Category 2 disclosures include (1) all non-EPCRA violations, (2) EPCRA violations where the disclosure can only certify compliance with Audit Policy Conditions 2 through 9 (i.e., the discovery was not systematic), and (3) EPCRA violations excluded from Category 1. For these disclosures, the system will automatically issue an acknowledgement letter noting that EPA has received this disclosure and promising that EPA will make a determination as to eligibility for penalty mitigation if and when it considers taking enforcement action.

To use the eDisclosure Portal, contractors must follow a three-step process. First, companies must register with the Central Data Exchange system. Second, the disclosure must be “prompt,” which means that potential violations must be disclosed online within 21 calendar days of the contractor’s discovery that such potential violations may have occurred. Third, contractors must submit a Compliance Certification in the disclosure system with 60 days of submitting an Audit Policy disclosure.

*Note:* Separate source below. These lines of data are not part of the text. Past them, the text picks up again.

Lemma euler_prod_ge0 s : 0 <= euler_prod s.
Proof. by apply: prodr_ge0 => p _; exact: euler_factor_ge0. Qed.

Lemma euler_prod_le1 s : euler_prod s <= 1.
Proof. by apply: prodr_ile1 => p _; rewrite euler_factor_ge0 euler_factor_le1. Qed.

Lemma totient_ratio_prod_primes s : all prime s -> uniq s ->
  (totient (\prod_(p <- s) p))%:R / (\prod_(p <- s) p)%:R = euler_prod s.
Proof.
move=> s_pr s_uniq; rewrite totient_prod_primes // !natr_prod -prodf_div.
apply: eq_big_seq => p /(allP s_pr) /prime_gt0 p_gt0.
by rewrite -(prednK p_gt0) /= -natr1; field; rewrite natr1 pnatr_eq0.
Qed.

Lemma euler_prod_primes_in_step a n :
  euler_prod (primes_in a n) - euler_prod (primes_in a n.+1) <= (a + n)%:R^-1.
Proof.
rewrite primes_inS euler_prod_cat; case: prime; last first.
  by rewrite /euler_prod big_nil mulr1 subrr invr_ge0.
rewrite /euler_prod big_seq1 -/(euler_prod _) mulrBr mulr1 opprB addrC subrK.
by rewrite ler_piMl ?invr_ge0 ?euler_prod_le1.
Qed.

Lemma euler_prod_primes_in1_ge K : (0 < K)%N -> K%:R^-1 <= euler_prod (primes_in 1 K).
Proof.
elim: K => // -[_ | k IH _]; first by rewrite /euler_prod big_nil invr1.
rewrite primes_inS euler_prod_cat add1n.
have last_ge : 1 - k.+2%:R^-1 <= euler_prod (if prime k.+2 then [:: k.+2] else [::]).
  by case: prime; rewrite /euler_prod ?big_seq1 ?big_nil ?euler_factor_le1.
apply: le_trans (ler_pM _ _ (IH isT) last_ge); rewrite ?invr_ge0 ?euler_factor_ge0 //.
suff -> : k.+1%:R^-1 * (1 - k.+2%:R^-1) = k.+2%:R^-1 :> R by [].
have k_ge0 : 0 <= k%:R :> R by [].
by rewrite -natr1; field; rewrite !gt_eqF //; lra.
Qed.

Lemma euler_prod_harmonic_le1 M :
  (1 < M)%N -> euler_prod (primes_in 1 M) * series (@harmonic R) M <= 1.
Proof.
move=> M_gt1; set s := primes_in 1 M; set Q := (\prod_(p <- s) p)%N; set L := M`!.
have Q_gt0 : (0 < Q)%N := prod_primes_gt0 (primes_in_prime 1 M).
have Q_primes p : prime p -> (p <= M)%N -> (p %| Q)%N.
  move=> p_pr p_le; rewrite Euclid_dvd_prod // big_has; apply/hasP; exists p => //.
  by rewrite mem_filter p_pr mem_iota prime_gt0 // add1n ltnS.
have := harmonic_totient_le M_gt1 Q_gt0 Q_primes.
rewrite -(ler_nat R) natr_sum natrM.
rewrite -(totient_ratio_prod_primes (primes_in_prime 1 M)) ?primes_in_uniq // -/s -/Q.
have sum_eq : \sum_(i < M) (L %/ i.+1 * totient Q)%:R =
    L%:R * ((totient Q)%:R * series (@harmonic R) M).
  rewrite /series /= big_mkord !mulr_sumr; apply: eq_bigr => i _.
  by rewrite natrM natf_div ?dvdn_fact ?ltn_ord // mulrAC mulrA.
rewrite -/L sum_eq ler_pM2l ?ltr0n ?fact_gt0 // => le_Q.
by rewrite mulrAC ler_pdivrMr ?ltr0n // mul1r.
Qed.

The biggest change, which seems to have been previously unannounced, is that EPA is changing its approach to Freedom of Information Act (“FOIA”) requests seeking self-disclosures of violations. Specifically, EPA is revising its position to now favor providing unresolved disclosures to the public. EPA states: “Therefore, in response to any FOIA requests for individual unresolved disclosures, EPA instead will determine on a case-by-case basis whether it reasonably foresees that release would harm an interest protected by a FOIA exemption. In doing so, EPA will endeavor to be as accommodating as possible in responding to such requests, and EPA generally expects to make Category 1 and Category 2 disclosures publicly available within a relatively short period of time after their receipt.”

III. Suggestions for Dealing with Public Accessibility to Compliance Data

Now that more data about environmental compliance will be publicly available, contractors may face increased enforcement via government or citizen lawsuits. One way that contractors can get ahead of potential problems is to have an employee access and monitor what EPA is sharing about their project sites and support facilities.

Furthermore, contractors should carefully consider whether to disclose potential violations because of the potential negative publicity or possible citizen lawsuits by environmental organizations that may be targeting certain corporations. EPA’s approach on this issue is entirely consistent with its Next Generation Compliance Initiative, which seeks to streamline its ability to gather data and easily determine whether companies are complying with environmental laws. However, this approach is not consistent with the original intent of the Audit Policy, which allowed companies to make disclosure without fear of reprisals from outside groups (and from the federal government in terms of reducing potential penalties). Therefore, the end result will likely be that contractors will disclose fewer violations, only disclose those that meet all of the Audit Policy criteria, and which the contractor has a complete handle on how the violation will be corrected.